Journal of The American Society for Mass Spectrometry, 2013
Reversed-phase liquid chromatography is the most commonly used separation method for shotgun proteomics. Nanoflow chromatography has emerged as the preferred chromatography method for its increased sensitivity and separation. Despite its common use, there are a wide range of parameters and conditions used across research groups.
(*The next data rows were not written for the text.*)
(* Each [U]-vertex has a child (its degree is at least two) and distinct
   [U]-vertices have distinct children, none of which is the root. *)
Lemma card_inr_lt_inl k : 0 < k ->
  (forall x, x \in odd_vs adjB S (inl o) -> tdeg adjB S x = k.+1) ->
  #|[set u | inr u \in S]| < #|[set v | inl v \in S]|.
Proof.
move=> k_gt0 deg_odd.
pose is_child u v := [&& inl v \in S, adjB (inr u) (inl v)
                       & gd (inl v) == (gd (inr u)).+1].
have child_ex u : inr u \in S -> exists v, is_child u v.
  move=> uS; have odd_u : odd (gd (inr u)) by rewrite odd_gdist.
  have gu_gt0 : 0 < gd (inr u) by case: (gd _) odd_u.
  have deg_u : 1 < tdeg adjB S (inr u) by rewrite deg_odd ?ltnS // inE uS odd_u.
  have [[v|u'] vS [uv ev]] := child_exists uS gu_gt0 deg_u.
    by exists v; rewrite /is_child vS uv ev eqxx.
  by have := odd_gdist vS; rewrite ev /= odd_u.
pose child u := odflt o [pick v | is_child u v].
have childP u : inr u \in S -> is_child u (child u).
  by move=> /child_ex [v cv]; rewrite /child; case: pickP => [//|/(_ v)]; rewrite cv.
have child_sub : child @: [set u | inr u \in S] \subset [set v | inl v \in S] :\ o.
  apply/subsetP => v /imsetP [u]; rewrite inE => /childP /and3P [vS _ ev] ->.
  by rewrite !inE vS andbT; apply: contra_eqN ev => /eqP ->; rewrite gdist_root.
have child_inj : {in [set u | inr u \in S] &, injective child}.
  move=> u1 u2; rewrite !inE => u1S u2S e12.
  have /and3P [c1S a1 /eqP e1] := childP u1 u1S.
  have /and3P [_ a2 /eqP e2] := childP u2 u2S; rewrite -e12 in a2 e2.
  by case: (parent_unique c1S u1S u2S a1 a2 (esym e1) (esym e2)).
have := subset_leq_card child_sub; rewrite card_in_imset //.
by rewrite (cardsD1 o [set v | inl v \in S]) inE root_in_ball.
Qed.
End Ball.

Lemma mcount_gt0 (V U : finType) (adj : rel (V + U)) S o K q
    (g : 'I_q -> V) (h : 'I_q -> U) :
  injective g -> injective h -> (forall j, adj (inl (g j)) (inr (h j))) ->
  (forall v, inl v \in K :|: odd_vs adj S o -> v \in codom g) ->
  (forall u, inr u \in K :|: odd_vs adj S o -> u \in codom h) ->
  0 < mcount adj S o K.
Proof.
move=> ginj hinj gh_adj g_cov h_cov.
rewrite card_gt0; apply/set0Pn; exists [set (g j, h j) | j : 'I_q].
rewrite inE; apply/andP; split.
  apply/andP; split; first by apply/forall_inP => _ /imsetP [j _ ->]; apply: gh_adj.
  apply/forall_inP => _ /imsetP [j _ ->]; apply/forall_inP => _ /imsetP [j' _ ->].
  apply/implyP => ne; have njj : j != j' by apply: contra ne => /eqP ->.
  by rewrite /= (inj_eq ginj) (inj_eq hinj) njj.
apply/forall_inP => -[v /g_cov /codomP [j ->] | u /h_cov /codomP [j ->]];
  by apply/exists_inP; exists (g j, h j); rewrite ?imset_f //= eqxx ?orbT.
Qed.

Local Open Scope ring_scope.

Lemma unitmx_perm_neq0 (F : fieldType) n (M : 'M[F]_n) :
  M \in unitmx -> exists s : 'S_n, forall i, M i (s i) != 0.
Proof.
rewrite unitmxE unitfE => detM.
have [s /prodf_neq0 Ms] : exists s : 'S_n, \prod_i M i (s i) != 0.
  apply/existsP; apply: contraR detM => /existsPn Ms0.
  by rewrite /determinant big1 // => s _; rewrite (eqP (negbNE (Ms0 s))) mulr0.
by exists s => i; apply: Ms.
Qed.

Section FreeRows.
Variables (F : fieldType) (p q : nat) (A : 'M[F]_(p, q)).

Definition free_rows (R : {set 'I_p}) := forall y : 'rV_p,
  (forall i, i \notin R -> y 0 i = 0) -> y *m A = 0 -> y = 0.

Definition rowmask (R : {set 'I_p}) : 'M_(p, q) :=
  \matrix_(i, j) (if i \in R then A i j else 0).

Lemma row_rowmask (R : {set 'I_p}) i : i \in R -> row i (rowmask R) = row i A.
Proof. by move=> iR; apply/rowP => j; rewrite !mxE iR. Qed.

Lemma notin_rowmask (R : {set 'I_p}) i : ~~ (row i A <= rowmask R)%MS -> i \notin R.
Proof. by apply: contra => iR; rewrite -(row_rowmask iR) row_sub. Qed.

Lemma mul_rowmask (R : {set 'I_p}) y :
  y *m rowmask R = \row_i (if i \in R then y 0 i else 0) *m A.
Proof.
apply/rowP => j; rewrite !mxE; apply: eq_bigr => i _; rewrite !mxE.
by case: (i \in R); rewrite ?mulr0 ?mul0r.
Qed.

Lemma free_rowsU1 (R : {set 'I_p}) i :
  free_rows R -> ~~ (row i A <= rowmask R)%MS -> free_rows (i |: R).
Proof.
move=> freeR iA y ys yA; have iR := notin_rowmask iA.
have [yi0|yi] := eqVneq (y 0 i) 0.
  apply: freeR => // x xR; have [->//|xi] := eqVneq x i.
  by apply: ys; rewrite in_setU1 negb_or xi.
case/negP: iA; set y' := \row_x (if x \in R then y 0 x else 0).
have ydec : y = y' + y 0 i *: 'e_i.
  apply/rowP => x; rewrite !mxE eqxx /=.
  have [->|xi] := eqVneq x i; first by rewrite (negPf iR) add0r mulr1.
  rewrite mulr0 addr0; case: ifP => // /negbT xR.
  by apply: ys; rewrite in_setU1 negb_or xi.
have -> : row i A = (- (y 0 i)^-1 *: y') *m rowmask R.
  rewrite mul_rowmask.
  have -> : \row_x (if x \in R then (- (y 0 i)^-1 *: y') 0 x else 0)
            = - (y 0 i)^-1 *: y'.
    by apply/rowP => x; rewrite !mxE; case: (x \in R); rewrite ?mulr0.
  move: yA; rewrite {1}ydec mulmxDl -scalemxAl -rowE => /eqP; rewrite addr_eq0.
  move=> /eqP y'A; rewrite -scalemxAl y'A.
  by rewrite scaleNr scalerN opprK scalerA mulVf // scale1r.
exact: submxMl.
Qed.

Lemma free_rows_extend (R : {set 'I_p}) : free_rows R ->
  exists2 R' : {set 'I_p}, R \subset R' & free_rows R' /\ (A <= rowmask R')%MS.
Proof.
have [t] := ubnP (p - #|R|)%N; elim: t R => // t IH R ltRt freeR.
have [spanR|/row_subPn [i iA]] := boolP (A <= rowmask R)%MS; first by exists R.
have iR := notin_rowmask iA.
have : (#|i |: R| <= #|'I_p|)%N by apply: max_card.
rewrite cardsU1 iR add1n card_ord => ltRp.
have [|R' RR' HR'] := IH (i |: R) _ (free_rowsU1 freeR iA).
  by rewrite cardsU1 iR add1n subnS -ltnS prednK // subn_gt0.
by exists R' => //; apply: subset_trans RR'; apply: subsetUr.
Qed.

Lemma free_rows_rowsub (R : {set 'I_p}) k (h : 'I_k -> 'I_p) :
  free_rows R -> injective h -> (forall l, h l \in R) -> row_free (rowsub h A).
Proof.
move=> freeR hinj hR; apply/inj_row_free => v.
rewrite rowsubE mulmxA => /freeR vh0.
have {}vh0 : v *m rowsub h 1%:M = 0.
  apply: vh0 => x xR; rewrite mxE big1 // => l _; rewrite !mxE.
  by case: eqP => [hl|]; [rewrite -hl hR in xR | rewrite mulr0].
apply/rowP => l; have := congr1 (fun y : 'rV_p => y 0 (h l)) vh0.
rewrite !mxE (bigD1 l) //= big1 => [|l' nl']; last first.
  by rewrite !mxE (inj_eq hinj) (negPf nl') mulr0.
by rewrite !mxE eqxx mulr1 addr0.
Qed.

Hypothesis cols_free : forall c : 'cV_q, A *m c = 0 -> c = 0.

Lemma rank_cols_free : \rank A = q.
Proof.
rewrite -mxrank_tr; apply/eqP; apply: inj_row_free => v vA.
apply: trmx_inj; rewrite trmx0; apply: cols_free.
by rewrite -(trmxK A) -trmx_mul vA trmx0.
Qed.

Lemma card_spanning_free_rows (R : {set 'I_p}) :
  free_rows R -> (A <= rowmask R)%MS -> #|R| = q.
Proof.
move=> freeR spanR.
have /eqP rkR := free_rows_rowsub freeR (@enum_val_inj _ _) (@enum_valP _ _).
apply/eqP; rewrite eqn_leq -{1}rkR rank_leq_col -{1}rank_cols_free -rkR.
apply/mxrankS/(submx_trans spanR)/row_subP => x.
have [xR|xR] := boolP (x \in R).
  by rewrite row_rowmask // -(enum_rankK_in xR xR) -row_rowsub row_sub.
by rewrite (_ : row x _ = 0) ?sub0mx //; apply/rowP => j; rewrite !mxE (negPf xR).
Qed.

(* A basis of rows containing [J] gives an invertible square submatrix;
   a nonzero term of its determinant is the transversal. *)
Lemma free_rows_transversal (J : {set 'I_p}) : free_rows J ->
  exists g : 'I_q -> 'I_p,
    [/\ injective g, forall j, A (g j) j != 0 & {subset J <= codom g}].
Proof.
move=> /free_rows_extend [R JR [freeR spanR]].
have eqRq := card_spanning_free_rows freeR spanR.
pose h (j : 'I_q) : 'I_p := enum_val (cast_ord (esym eqRq) j).
have hinj : injective h by move=> j j' /enum_val_inj /cast_ord_inj.
have /unitmx_perm_neq0 [s As] : rowsub h A \in unitmx.
  by rewrite -row_free_unit (free_rows_rowsub freeR hinj) // => j; apply: enum_valP.
exists (h \o s^-1%g); split.
- by apply: inj_comp => //; apply: perm_inj.
- by move=> j; have := As (s^-1 j)%g; rewrite permKV mxE.
move=> x /(subsetP JR) xR.
have -> : x = (h \o s^-1%g) (s (cast_ord eqRq (enum_rank_in xR x))).
  by rewrite /= permK /h cast_ordK enum_rankK_in.
exact: codom_f.
Qed.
These parameters have an effect on the quality of the chromatographic separation, which is critical to maximizing the number of peptide identifications and minimizing ion suppression. Here we examined the relationship between column lengths, gradient lengths, peptide identifications, and peptide peak capacity. We found that while longer column and gradient lengths generally increase peptide identifications, the degree of improvement is dependent on both parameters and is diminished at longer column and gradients. Peak capacity, in comparison, showed a more linear increase with column and gradient lengths. We discuss the discrepancy between these two results and some of the considerations that should be taken into account when deciding on the chromatographic conditions for a proteomics experiment.